-- EXERCISE DETAILS --
Exactly the lines starting at the line containing "Or44; exists r." and ending at the line containing "move=> srt xs; apply/andP; split." are to be written out from the listing below, both included.

═══

(* Let $0\le r\le n$, let $A\in\mathcal{A}_{n+1,r+1}$ have block-ends $b_1>\dots>b_{r+1}$, and fix a tiling of $\Gamma(X(A))$. At the termination of the fusion-exchange algorithm applied to $A$, the union of the labels of the horizontal edges of the northwest boundary is $\{b_1+1,\dots,n+1\}$, the union of the labels of the vertical edges of the northwest boundary is $\{1,\dots,b_{r+1}-1\}$, and the union of the labels of the diagonal edges of the northwest boundary is $\{b_{r+1}+1,\dots,b_1\}$.
   Context: Words and diagrams. For $0\le r\le n$ let $B_n^r$ be the set of words $X\in\{H,L,0\}^n$ with exactly $r$ letters $L$. If $X$ has $k$ letters $H$, $r$ letters $L$ and $\ell$ letters $0$, its rhombic diagram $\Gamma(X)$ is the closed region bounded by two paths of unit steps, using the directions west (horizontal), south (vertical) and southwest (diagonal: a fixed unit vector strictly between west and south), both going from a point $P$ to a point $Q$: the northwest boundary consists of $\ell$ west steps, then $r$ southwest steps, then $k$ south steps; the southeast boundary is obtained by reading $X$ left to right and taking a west step for each $0$, a southwest step for each $L$, a south step for each $H$. A tiling of $\Gamma(X)$ is a tiling by unit rhombi of three kinds: squares (horizontal and vertical edges), tall rhombi (vertical and diagonal edges), short rhombi (horizontal and diagonal edges). Each tile has two edges on its lower-right side: its east edge (vertical for squares and tall rhombi, diagonal for short rhombi) and its south edge (horizontal for squares and short rhombi, diagonal for tall rhombi); the parallel edges on its upper-left side are its west and north edges. Assemblées. An assemblée of size $(m,s)$ is a collection of $s$ nonempty, pairwise disjoint, linearly ordered sets (blocks) with union $\{1,\dots,m\}$; the last element of a block is its block-end. Blocks are listed in the canonical order with decreasing block-ends, and the assemblée is identified with the concatenated word. $\mathcal{A}_{m,s}$ is the set of these. For $A\in\mathcal{A}_{n+1,r+1}$ with block-ends $b_1>\dots>b_{r+1}$, a non-block-end element $x$ is an increase if $x+1$ appears to the right of $x$ in $A$, and a decrease otherwise (so $n+1$, if not a block-end, is a decrease). $X(A)\in B_n^r$ is obtained from $A$ by deleting its last letter $b_{r+1}$ and replacing each increase by $H$, each decrease by $0$ and each remaining block-end by $L$. Fusion-exchange algorithm. A label is a finite, possibly empty, set of consecutive integers; for labels $E,S$ write $E\succ S$ if both are nonempty and $\min E=\max S+1$. Given $A\in\mathcal{A}_{n+1,r+1}$ and a tiling of $\Gamma(X(A))$: initially the southeast boundary edges, in order from $P$ to $Q$, receive the singleton labels of the letters of $A$ from left to right, $b_{r+1}$ omitted. Step: choose a tile whose east and south edges are labeled, say by $E$ and $S$, and whose west and north edges are not. (R I) If $E\succ S$ and the south edge is horizontal: west edge gets $E\cup S$, north edge gets $\emptyset$, place $\alpha$ in the tile. (R II) If $S\succ E$ and the east edge is vertical: north edge gets $E\cup S$, west edge gets $\emptyset$, place $\beta$. (R III) Otherwise: west edge gets $E$, north edge gets $S$, and place $q$ if $E\ne\emptyset$ and $S\ne\emptyset$. Repeat until every edge is labeled (termination). *)

From HB Require Import structures.
From mathcomp Require Import all_boot.
Set Implicit Arguments. Unset Strict Implicit. Unset Printing Implicit Defensive.

(* An assemblée of size (m,s): a list of s nonempty blocks (linearly ordered
   sets, i.e. duplicate-free sequences), pairwise disjoint, with union
   {1,...,m}, listed in canonical order: decreasing block-ends (last elements). *)
Definition block_end (b : seq nat) : nat := last 0 b.

Definition assemblee (m s : nat) (B : seq (seq nat)) : Prop :=
  [/\ size B = s,
      all (fun b => size b > 0) B,
      perm_eq (flatten B) (iota 1 m)
    & sorted (fun x y => y < x) (map block_end B)].

(* the assemblée identified with its concatenated word *)
Definition asm_word (B : seq (seq nat)) : seq nat := flatten B.
Definition asm_ends (B : seq (seq nat)) : seq nat := map block_end B.
Definition b_first (B : seq (seq nat)) : nat := head 0 (asm_ends B).
Definition b_last (B : seq (seq nat)) : nat := last 0 (asm_ends B).

Definition is_increase (B : seq (seq nat)) (x : nat) : bool :=
  (x \notin asm_ends B) &&
  (x.+1 \in drop (index x (asm_word B)).+1 (asm_word B)).

Inductive letter := LetH | LetL | Let0.

Definition letter_of (B : seq (seq nat)) (x : nat) : letter :=
  if x \in asm_ends B then LetL
  else if is_increase B x then LetH else Let0.

(* the letters of A with the last letter b_{r+1} deleted *)
Definition asm_word_trunc (B : seq (seq nat)) : seq nat :=
  take (size (asm_word B)).-1 (asm_word B).

Definition X_of (B : seq (seq nat)) : seq letter :=
  map (letter_of B) (asm_word_trunc B).

Inductive dir := DirW (* horizontal *) | DirSW (* diagonal *) | DirS (* vertical *).

Definition dir_rank (d : dir) : nat :=
  match d with DirW => 0 | DirSW => 1 | DirS => 2 end.

Definition dir_eqb (d1 d2 : dir) : bool := dir_rank d1 == dir_rank d2.
Lemma dir_eqP : Equality.axiom dir_eqb.
Proof. by case; case; constructor. Qed.
HB.instance Definition _ := hasDecEq.Build dir dir_eqP.

(* southeast-boundary step for each letter: 0 -> west, L -> southwest, H -> south *)
Definition dir_of_letter (c : letter) : dir :=
  match c with Let0 => DirW | LetL => DirSW | LetH => DirS end.

(* A label is a finite, possibly empty, set of consecutive integers:
   None = empty, Some (a, b) = {a, a+1, ..., b} (with a <= b). *)
Definition label := option (nat * nat).

Definition lab_mem (x : nat) (E : label) : bool :=
  if E is Some (a, b) then (a <= x) && (x <= b) else false.

Definition lab_succ (E S : label) : bool :=
  match E, S with
  | Some (a, _), Some (_, d) => a == d.+1
  | _, _ => false
  end.

(* union of two labels, used when one immediately follows the other
   (then it is again a set of consecutive integers) *)
Definition lab_union (E S : label) : label :=
  match E, S with
  | Some (a, b), Some (c, d) => Some (minn a c, maxn b d)
  | Some _, None => E
  | None, _ => S
  end.

(* A state is the current frontier of labeled edges: the path of labeled edges
   from P to Q, each edge given by its direction and its label.  Processing a
   tile whose east edge (direction dE, label E) is followed along the path by
   its south edge (direction dS, label S) replaces these two edges by the
   north edge (direction dS) followed by the west edge (direction dE).
   fe_rule returns (west label, north label). *)
Definition fe_rule (dE : dir) (E : label) (dS : dir) (S : label) : label * label :=
  if lab_succ E S && (dS == DirW) then (lab_union E S, None)
  else if lab_succ S E && (dE == DirS) then (None, lab_union E S)
  else (E, S).

Definition fe_state := seq (dir * label).

(* The three tile kinds correspond exactly to the adjacent pairs
   (S,W) square, (S,SW) tall rhombus, (SW,W) short rhombus, i.e. to the
   pairs with dir_rank dS < dir_rank dE. *)
Inductive fe_step : fe_state -> fe_state -> Prop :=
  | FeStep (p1 p2 : fe_state) (dE dS : dir) (E S : label) :
      dir_rank dS < dir_rank dE ->
      fe_step (p1 ++ (dE, E) :: (dS, S) :: p2)
              (p1 ++ (dS, (fe_rule dE E dS S).2) :: (dE, (fe_rule dE E dS S).1) :: p2).

Inductive fe_run : fe_state -> fe_state -> Prop :=
  | FeRefl p : fe_run p p
  | FeTrans p q s : fe_step p q -> fe_run q s -> fe_run p s.

Definition fe_terminal (p : fe_state) : Prop := forall q, ~ fe_step p q.

(* initial labeling of the southeast boundary of Gamma(X(A)) *)
Definition fe_init (B : seq (seq nat)) : fe_state :=
  map (fun x => (dir_of_letter (letter_of B x), Some (x, x))) (asm_word_trunc B).

Definition in_labels (d : dir) (p : fe_state) (x : nat) : bool :=
  has (fun e => (e.1 == d) && lab_mem x e.2) p.

From HB Require Import structures.
From mathcomp Require Import all_boot zify.
Set Implicit Arguments. Unset Strict Implicit. Unset Printing Implicit Defensive.

(* The labels of the frontier always partition {1, ..., n+1} minus b_{r+1}, and a value x
   obeys a constraint depending on the direction of its edge: on a diagonal edge
   b_{r+1} < x <= b_1; on a horizontal edge x <> b_1 and x+1, if at most n+1, lies on the
   same edge or on one nearer to P; on a vertical edge x <> b_1, x <= n, and x+1 is b_{r+1}
   or lies on the same edge or on one nearer to Q.  For the initial labeling these are the
   definitions of block-ends, decreases and increases.  Exchanging two labels (R III) can only
   break a constraint when one label is the interval immediately following the other, and in
   exactly those cases R I or R II fuses them instead.  At termination no tile is left, so the
   northwest boundary reads horizontal, then diagonal, then vertical edges.  The horizontal
   values are then closed under successor below n+1 and avoid b_1, hence exceed b_1; the
   vertical values are closed under successor up to b_{r+1} and stay below n+1, hence lie
   below b_{r+1}. *)

Lemma cat_cons2_eq_cat_cons (T : Type) (p1 p2 q1 q2 : seq T) a b e :
  p1 ++ a :: b :: p2 = q1 ++ e :: q2 ->
  [\/ exists2 r, p1 = q1 ++ e :: r & q2 = r ++ a :: b :: p2,
      [/\ q1 = p1, e = a & q2 = b :: p2],
      [/\ q1 = rcons p1 a, e = b & q2 = p2]
    | exists2 r, q1 = p1 ++ a :: b :: r & p2 = r ++ e :: q2].
Proof.
elim: q1 p1 => [|f q1 IH] [|g p1] /=.
- by case=> -> <-; apply: Or42.
- by case=> -> <-; apply: Or41; exists p1.
- case=> ->; case: q1 {IH} => [|h q1] /= [-> ->]; first exact: Or43.
  by apply: Or44; exists q1.
- case=> -> /IH[[r -> ->]|[-> -> ->]|[-> -> ->]|[r -> ->]].
  + by apply: Or41; exists r.
  + exact: Or42.
  + exact: Or43.
  + by apply: Or44; exists r.
Qed.

Lemma map_eq_cat_cons (A B : Type) (f : A -> B) s p1 y p2 :
  map f s = p1 ++ y :: p2 ->
  exists t1 x t2, [/\ s = t1 ++ x :: t2, p1 = map f t1, y = f x & p2 = map f t2].
Proof.
elim: p1 s => [|z p1 IH] [|x s] //= [ex es].
- by exists [::], x, s.
- have [t1 [x' [t2 [-> -> -> ->]]]] := IH s es.
  by exists (x :: t1), x', t2; rewrite -ex.
Qed.

Lemma sorted_adjacent (T : Type) (r : rel T) s :
  (forall s1 x y s2, s = s1 ++ x :: y :: s2 -> r x y) -> sorted r s.
Proof.
elim: s => // x [|y s] IH adj //=.
rewrite (adj [::] x y s) //=; apply: IH => s1 a b s2 ys.
by apply: (adj (x :: s1)); rewrite ys.
Qed.

Lemma sorted_cat_cons_all (T : Type) (r : rel T) s1 x s2 : transitive r ->
  sorted r (s1 ++ x :: s2) -> all (r^~ x) s1 && all (r x) s2.
Proof.
move=> tr; rewrite sorted_pairwise // pairwise_cat pairwise_cons allrel_consr.
by case/and3P=> /andP[-> _] _ /andP[-> _].
Qed.

Lemma drop_index_cat_cons (T : eqType) (s1 s2 : seq T) x : x \notin s1 ->
  drop (index x (s1 ++ x :: s2)).+1 (s1 ++ x :: s2) = s2.
Proof.
move=> xs1; rewrite index_cat (negbTE xs1) /= eqxx addn0 drop_cat ltnNge leqnSn.
by rewrite subSnn drop1.
Qed.

Lemma last_flatten (T : Type) (x0 : T) (B : seq (seq T)) :
  all (fun b => 0 < size b) B -> last x0 (flatten B) = last x0 (map (last x0) B).
Proof.
case/lastP: B => // B b; rewrite all_rcons => /andP[nb _].
rewrite -cats1 flatten_cat map_cat !last_cat /=.
by case: b nb.
Qed.

Lemma sorted_gtn_bounds (s : seq nat) x : sorted (fun a b => b < a) s -> x \in s ->
  last 0 s <= x <= head 0 s.
Proof.
have tr : transitive (fun a b : nat => b < a) by move=> a b c ba cb; apply: ltn_trans cb ba.
move=> srt xs; apply/andP; split.
- move: srt xs; case/lastP: s => // s l.
  rewrite last_rcons sorted_pairwise // pairwise_rcons mem_rcons inE.
  by case/andP=> /allP sl _ /orP[/eqP -> // | /sl /ltnW].
- move: srt xs; case: s => // h s.
  rewrite /= path_sortedE // inE.
  by case/andP=> /allP sh _ /orP[/eqP -> // | /sh /ltnW].
Qed.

═══

-- EXERCISE SOLUTION --
  + by apply: Or44; exists r.
Qed.

Lemma map_eq_cat_cons (A B : Type) (f : A -> B) s p1 y p2 :
  map f s = p1 ++ y :: p2 ->
  exists t1 x t2, [/\ s = t1 ++ x :: t2, p1 = map f t1, y = f x & p2 = map f t2].
Proof.
elim: p1 s => [|z p1 IH] [|x s] //= [ex es].
- by exists [::], x, s.
- have [t1 [x' [t2 [-> -> -> ->]]]] := IH s es.
  by exists (x :: t1), x', t2; rewrite -ex.
Qed.

Lemma sorted_adjacent (T : Type) (r : rel T) s :
  (forall s1 x y s2, s = s1 ++ x :: y :: s2 -> r x y) -> sorted r s.
Proof.
elim: s => // x [|y s] IH adj //=.
rewrite (adj [::] x y s) //=; apply: IH => s1 a b s2 ys.
by apply: (adj (x :: s1)); rewrite ys.
Qed.

Lemma sorted_cat_cons_all (T : Type) (r : rel T) s1 x s2 : transitive r ->
  sorted r (s1 ++ x :: s2) -> all (r^~ x) s1 && all (r x) s2.
Proof.
move=> tr; rewrite sorted_pairwise // pairwise_cat pairwise_cons allrel_consr.
by case/and3P=> /andP[-> _] _ /andP[-> _].
Qed.

Lemma drop_index_cat_cons (T : eqType) (s1 s2 : seq T) x : x \notin s1 ->
  drop (index x (s1 ++ x :: s2)).+1 (s1 ++ x :: s2) = s2.
Proof.
move=> xs1; rewrite index_cat (negbTE xs1) /= eqxx addn0 drop_cat ltnNge leqnSn.
by rewrite subSnn drop1.
Qed.

Lemma last_flatten (T : Type) (x0 : T) (B : seq (seq T)) :
  all (fun b => 0 < size b) B -> last x0 (flatten B) = last x0 (map (last x0) B).
Proof.
case/lastP: B => // B b; rewrite all_rcons => /andP[nb _].
rewrite -cats1 flatten_cat map_cat !last_cat /=.
by case: b nb.
Qed.

Lemma sorted_gtn_bounds (s : seq nat) x : sorted (fun a b => b < a) s -> x \in s ->
  last 0 s <= x <= head 0 s.
Proof.
have tr : transitive (fun a b : nat => b < a) by move=> a b c ba cb; apply: ltn_trans cb ba.
move=> srt xs; apply/andP; split.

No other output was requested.